PROBLEM TO WORK ON:
Could you find every line in the records below that contains the word "intros" and copy it?

Stored items
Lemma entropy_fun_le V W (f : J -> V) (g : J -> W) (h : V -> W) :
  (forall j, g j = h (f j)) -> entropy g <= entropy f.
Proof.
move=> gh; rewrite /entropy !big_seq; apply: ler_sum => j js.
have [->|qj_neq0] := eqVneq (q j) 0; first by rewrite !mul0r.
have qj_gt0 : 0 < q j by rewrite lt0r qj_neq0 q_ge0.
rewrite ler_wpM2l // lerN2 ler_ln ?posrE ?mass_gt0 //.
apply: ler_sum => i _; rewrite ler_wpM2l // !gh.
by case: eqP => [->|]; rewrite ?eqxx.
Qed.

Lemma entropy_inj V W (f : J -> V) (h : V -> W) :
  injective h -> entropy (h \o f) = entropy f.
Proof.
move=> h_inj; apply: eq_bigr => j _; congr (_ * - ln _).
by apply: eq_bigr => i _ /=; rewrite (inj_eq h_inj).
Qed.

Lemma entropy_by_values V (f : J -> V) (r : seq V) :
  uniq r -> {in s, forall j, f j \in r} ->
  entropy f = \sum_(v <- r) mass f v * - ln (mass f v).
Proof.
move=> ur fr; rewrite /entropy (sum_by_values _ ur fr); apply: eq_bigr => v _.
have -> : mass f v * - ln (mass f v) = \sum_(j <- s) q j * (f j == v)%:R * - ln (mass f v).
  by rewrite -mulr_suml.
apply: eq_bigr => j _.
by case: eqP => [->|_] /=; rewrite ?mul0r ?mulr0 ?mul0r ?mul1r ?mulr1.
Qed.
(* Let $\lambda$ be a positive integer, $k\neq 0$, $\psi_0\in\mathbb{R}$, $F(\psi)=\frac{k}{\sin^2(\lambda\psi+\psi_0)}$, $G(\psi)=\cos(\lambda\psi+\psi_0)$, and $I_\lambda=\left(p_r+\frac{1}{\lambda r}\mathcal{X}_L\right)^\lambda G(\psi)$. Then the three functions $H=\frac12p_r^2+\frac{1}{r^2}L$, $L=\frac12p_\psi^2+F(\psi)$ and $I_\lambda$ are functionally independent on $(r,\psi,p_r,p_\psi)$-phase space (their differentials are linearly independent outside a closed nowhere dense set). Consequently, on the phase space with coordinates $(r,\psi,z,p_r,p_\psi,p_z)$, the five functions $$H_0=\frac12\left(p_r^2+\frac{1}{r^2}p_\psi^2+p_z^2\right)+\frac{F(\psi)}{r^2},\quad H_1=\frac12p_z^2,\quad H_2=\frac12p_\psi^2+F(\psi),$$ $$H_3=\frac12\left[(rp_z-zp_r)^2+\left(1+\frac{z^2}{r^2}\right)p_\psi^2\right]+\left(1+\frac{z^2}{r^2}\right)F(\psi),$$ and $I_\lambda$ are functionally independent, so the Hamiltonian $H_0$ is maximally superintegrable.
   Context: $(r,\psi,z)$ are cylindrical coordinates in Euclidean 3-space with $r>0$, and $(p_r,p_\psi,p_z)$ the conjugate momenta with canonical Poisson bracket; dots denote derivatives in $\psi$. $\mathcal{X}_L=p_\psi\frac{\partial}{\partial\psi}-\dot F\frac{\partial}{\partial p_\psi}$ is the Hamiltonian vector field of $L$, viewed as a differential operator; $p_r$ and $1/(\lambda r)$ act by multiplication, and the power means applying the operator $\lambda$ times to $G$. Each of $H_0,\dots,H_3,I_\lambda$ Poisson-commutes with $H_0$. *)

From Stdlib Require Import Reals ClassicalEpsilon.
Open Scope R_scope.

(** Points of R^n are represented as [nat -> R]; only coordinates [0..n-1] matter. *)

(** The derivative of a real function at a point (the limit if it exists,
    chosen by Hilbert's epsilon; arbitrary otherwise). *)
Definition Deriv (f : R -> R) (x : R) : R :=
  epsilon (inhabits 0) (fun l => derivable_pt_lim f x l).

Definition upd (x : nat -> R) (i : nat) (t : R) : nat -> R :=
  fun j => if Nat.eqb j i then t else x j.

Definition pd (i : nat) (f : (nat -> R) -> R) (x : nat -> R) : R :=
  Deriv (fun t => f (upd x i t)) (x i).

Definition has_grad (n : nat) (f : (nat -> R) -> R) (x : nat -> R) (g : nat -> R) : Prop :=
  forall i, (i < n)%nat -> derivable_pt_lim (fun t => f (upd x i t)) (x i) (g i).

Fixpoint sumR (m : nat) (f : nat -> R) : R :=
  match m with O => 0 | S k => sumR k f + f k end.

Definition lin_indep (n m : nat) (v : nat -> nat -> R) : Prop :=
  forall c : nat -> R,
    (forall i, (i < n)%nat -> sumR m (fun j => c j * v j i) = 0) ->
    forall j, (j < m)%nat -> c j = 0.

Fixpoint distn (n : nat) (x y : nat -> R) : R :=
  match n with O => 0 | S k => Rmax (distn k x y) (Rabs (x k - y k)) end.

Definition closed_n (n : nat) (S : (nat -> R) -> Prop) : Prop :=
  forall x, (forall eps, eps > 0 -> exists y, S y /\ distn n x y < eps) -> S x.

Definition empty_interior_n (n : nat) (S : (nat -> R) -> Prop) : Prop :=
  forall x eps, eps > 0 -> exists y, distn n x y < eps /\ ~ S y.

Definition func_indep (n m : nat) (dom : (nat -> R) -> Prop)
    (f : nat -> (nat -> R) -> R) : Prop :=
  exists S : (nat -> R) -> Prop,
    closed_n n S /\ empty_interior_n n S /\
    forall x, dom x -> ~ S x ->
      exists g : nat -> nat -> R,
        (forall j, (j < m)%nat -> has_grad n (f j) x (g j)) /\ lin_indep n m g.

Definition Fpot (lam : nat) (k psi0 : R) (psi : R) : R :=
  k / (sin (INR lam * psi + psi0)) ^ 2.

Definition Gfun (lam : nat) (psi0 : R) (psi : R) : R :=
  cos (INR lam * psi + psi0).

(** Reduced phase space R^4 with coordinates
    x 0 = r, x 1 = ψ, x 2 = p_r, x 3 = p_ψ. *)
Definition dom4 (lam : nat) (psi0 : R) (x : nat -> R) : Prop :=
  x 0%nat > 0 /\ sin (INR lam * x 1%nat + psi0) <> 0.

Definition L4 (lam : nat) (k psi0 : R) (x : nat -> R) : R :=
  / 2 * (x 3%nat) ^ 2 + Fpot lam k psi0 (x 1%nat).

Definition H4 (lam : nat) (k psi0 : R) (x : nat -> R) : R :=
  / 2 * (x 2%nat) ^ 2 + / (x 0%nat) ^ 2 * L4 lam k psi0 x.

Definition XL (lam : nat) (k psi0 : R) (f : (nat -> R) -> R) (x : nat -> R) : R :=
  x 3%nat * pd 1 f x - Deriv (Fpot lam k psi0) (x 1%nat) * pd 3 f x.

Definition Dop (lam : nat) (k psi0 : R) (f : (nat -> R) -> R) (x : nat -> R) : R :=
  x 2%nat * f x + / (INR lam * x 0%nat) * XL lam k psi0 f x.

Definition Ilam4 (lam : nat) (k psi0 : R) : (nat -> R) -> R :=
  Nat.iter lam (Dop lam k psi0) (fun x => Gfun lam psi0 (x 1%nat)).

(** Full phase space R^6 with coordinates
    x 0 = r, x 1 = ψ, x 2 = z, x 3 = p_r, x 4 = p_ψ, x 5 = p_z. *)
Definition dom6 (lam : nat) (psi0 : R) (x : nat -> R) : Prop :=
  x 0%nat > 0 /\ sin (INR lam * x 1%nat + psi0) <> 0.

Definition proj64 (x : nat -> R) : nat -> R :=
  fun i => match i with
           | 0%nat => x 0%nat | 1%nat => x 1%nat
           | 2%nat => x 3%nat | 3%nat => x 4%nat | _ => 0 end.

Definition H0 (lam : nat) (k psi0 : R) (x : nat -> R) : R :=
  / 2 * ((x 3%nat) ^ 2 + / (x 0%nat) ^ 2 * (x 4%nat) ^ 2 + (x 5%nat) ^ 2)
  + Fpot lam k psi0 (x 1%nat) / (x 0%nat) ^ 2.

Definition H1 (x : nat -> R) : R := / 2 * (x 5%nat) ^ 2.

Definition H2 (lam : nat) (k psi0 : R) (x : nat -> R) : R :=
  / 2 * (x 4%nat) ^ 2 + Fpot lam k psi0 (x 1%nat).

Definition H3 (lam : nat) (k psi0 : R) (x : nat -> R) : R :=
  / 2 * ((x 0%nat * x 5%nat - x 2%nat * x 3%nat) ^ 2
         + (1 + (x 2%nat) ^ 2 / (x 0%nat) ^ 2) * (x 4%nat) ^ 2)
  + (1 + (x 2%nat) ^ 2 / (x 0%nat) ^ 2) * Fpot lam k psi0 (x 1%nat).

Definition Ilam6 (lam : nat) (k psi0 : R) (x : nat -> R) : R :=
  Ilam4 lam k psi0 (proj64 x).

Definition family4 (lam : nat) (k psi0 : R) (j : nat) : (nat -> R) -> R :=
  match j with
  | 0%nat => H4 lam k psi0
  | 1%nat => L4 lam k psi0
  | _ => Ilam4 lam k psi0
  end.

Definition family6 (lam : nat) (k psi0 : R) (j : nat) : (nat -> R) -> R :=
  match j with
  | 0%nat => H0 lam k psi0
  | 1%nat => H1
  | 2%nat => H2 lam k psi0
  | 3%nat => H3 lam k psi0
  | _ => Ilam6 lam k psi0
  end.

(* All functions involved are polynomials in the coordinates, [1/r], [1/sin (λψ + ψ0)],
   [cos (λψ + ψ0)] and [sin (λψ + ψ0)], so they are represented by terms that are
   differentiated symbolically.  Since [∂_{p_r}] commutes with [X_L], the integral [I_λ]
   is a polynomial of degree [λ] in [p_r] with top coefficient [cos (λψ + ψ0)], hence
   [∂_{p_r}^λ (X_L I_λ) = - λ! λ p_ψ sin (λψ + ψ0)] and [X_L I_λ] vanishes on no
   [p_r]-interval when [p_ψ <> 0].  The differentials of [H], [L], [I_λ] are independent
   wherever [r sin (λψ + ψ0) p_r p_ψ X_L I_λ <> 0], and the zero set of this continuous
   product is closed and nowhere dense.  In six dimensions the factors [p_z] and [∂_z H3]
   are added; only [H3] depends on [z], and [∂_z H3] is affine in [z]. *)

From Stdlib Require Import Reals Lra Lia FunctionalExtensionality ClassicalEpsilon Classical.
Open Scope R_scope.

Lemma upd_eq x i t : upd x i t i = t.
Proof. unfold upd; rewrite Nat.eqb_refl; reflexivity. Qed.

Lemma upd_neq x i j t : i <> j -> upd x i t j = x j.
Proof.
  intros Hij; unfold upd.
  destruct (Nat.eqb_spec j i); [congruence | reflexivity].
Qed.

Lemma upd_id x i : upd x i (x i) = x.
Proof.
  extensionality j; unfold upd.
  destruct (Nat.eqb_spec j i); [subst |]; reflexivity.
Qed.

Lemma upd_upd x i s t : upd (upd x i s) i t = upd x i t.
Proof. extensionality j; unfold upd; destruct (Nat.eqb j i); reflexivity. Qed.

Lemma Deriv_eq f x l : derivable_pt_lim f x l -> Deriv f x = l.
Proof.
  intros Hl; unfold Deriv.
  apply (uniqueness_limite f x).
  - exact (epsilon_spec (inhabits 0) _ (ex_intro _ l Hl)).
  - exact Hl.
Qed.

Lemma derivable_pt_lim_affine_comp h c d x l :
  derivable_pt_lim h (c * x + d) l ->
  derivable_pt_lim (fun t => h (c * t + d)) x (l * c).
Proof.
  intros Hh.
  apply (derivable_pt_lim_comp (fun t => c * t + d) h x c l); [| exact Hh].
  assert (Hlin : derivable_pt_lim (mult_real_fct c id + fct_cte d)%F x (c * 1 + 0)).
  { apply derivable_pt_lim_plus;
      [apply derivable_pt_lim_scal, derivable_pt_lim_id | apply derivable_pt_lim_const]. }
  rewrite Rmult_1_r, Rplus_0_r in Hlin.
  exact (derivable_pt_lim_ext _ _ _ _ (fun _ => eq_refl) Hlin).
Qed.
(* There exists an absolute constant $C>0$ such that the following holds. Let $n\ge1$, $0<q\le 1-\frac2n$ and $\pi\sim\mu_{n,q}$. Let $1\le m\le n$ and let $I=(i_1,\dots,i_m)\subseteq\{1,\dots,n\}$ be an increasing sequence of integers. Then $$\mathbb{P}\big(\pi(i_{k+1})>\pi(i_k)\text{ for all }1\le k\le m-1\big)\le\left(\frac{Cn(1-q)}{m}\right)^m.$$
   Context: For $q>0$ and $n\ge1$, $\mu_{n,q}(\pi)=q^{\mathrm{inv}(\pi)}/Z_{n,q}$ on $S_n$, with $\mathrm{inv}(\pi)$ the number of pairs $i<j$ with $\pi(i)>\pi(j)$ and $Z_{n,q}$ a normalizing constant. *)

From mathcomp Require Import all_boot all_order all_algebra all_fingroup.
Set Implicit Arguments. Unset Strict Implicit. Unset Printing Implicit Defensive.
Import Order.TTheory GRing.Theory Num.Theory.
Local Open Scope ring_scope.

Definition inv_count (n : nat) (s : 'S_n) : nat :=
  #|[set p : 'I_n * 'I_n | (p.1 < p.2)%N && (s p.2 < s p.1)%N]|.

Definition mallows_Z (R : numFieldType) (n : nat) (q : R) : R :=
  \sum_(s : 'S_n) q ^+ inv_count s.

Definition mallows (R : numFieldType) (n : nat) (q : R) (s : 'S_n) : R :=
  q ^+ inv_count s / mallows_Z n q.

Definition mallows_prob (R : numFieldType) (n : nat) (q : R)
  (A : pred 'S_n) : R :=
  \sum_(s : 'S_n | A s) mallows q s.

EXERCISE SOLUTION:
  intros Hij; unfold upd.
  intros Hl; unfold Deriv.
  intros Hh.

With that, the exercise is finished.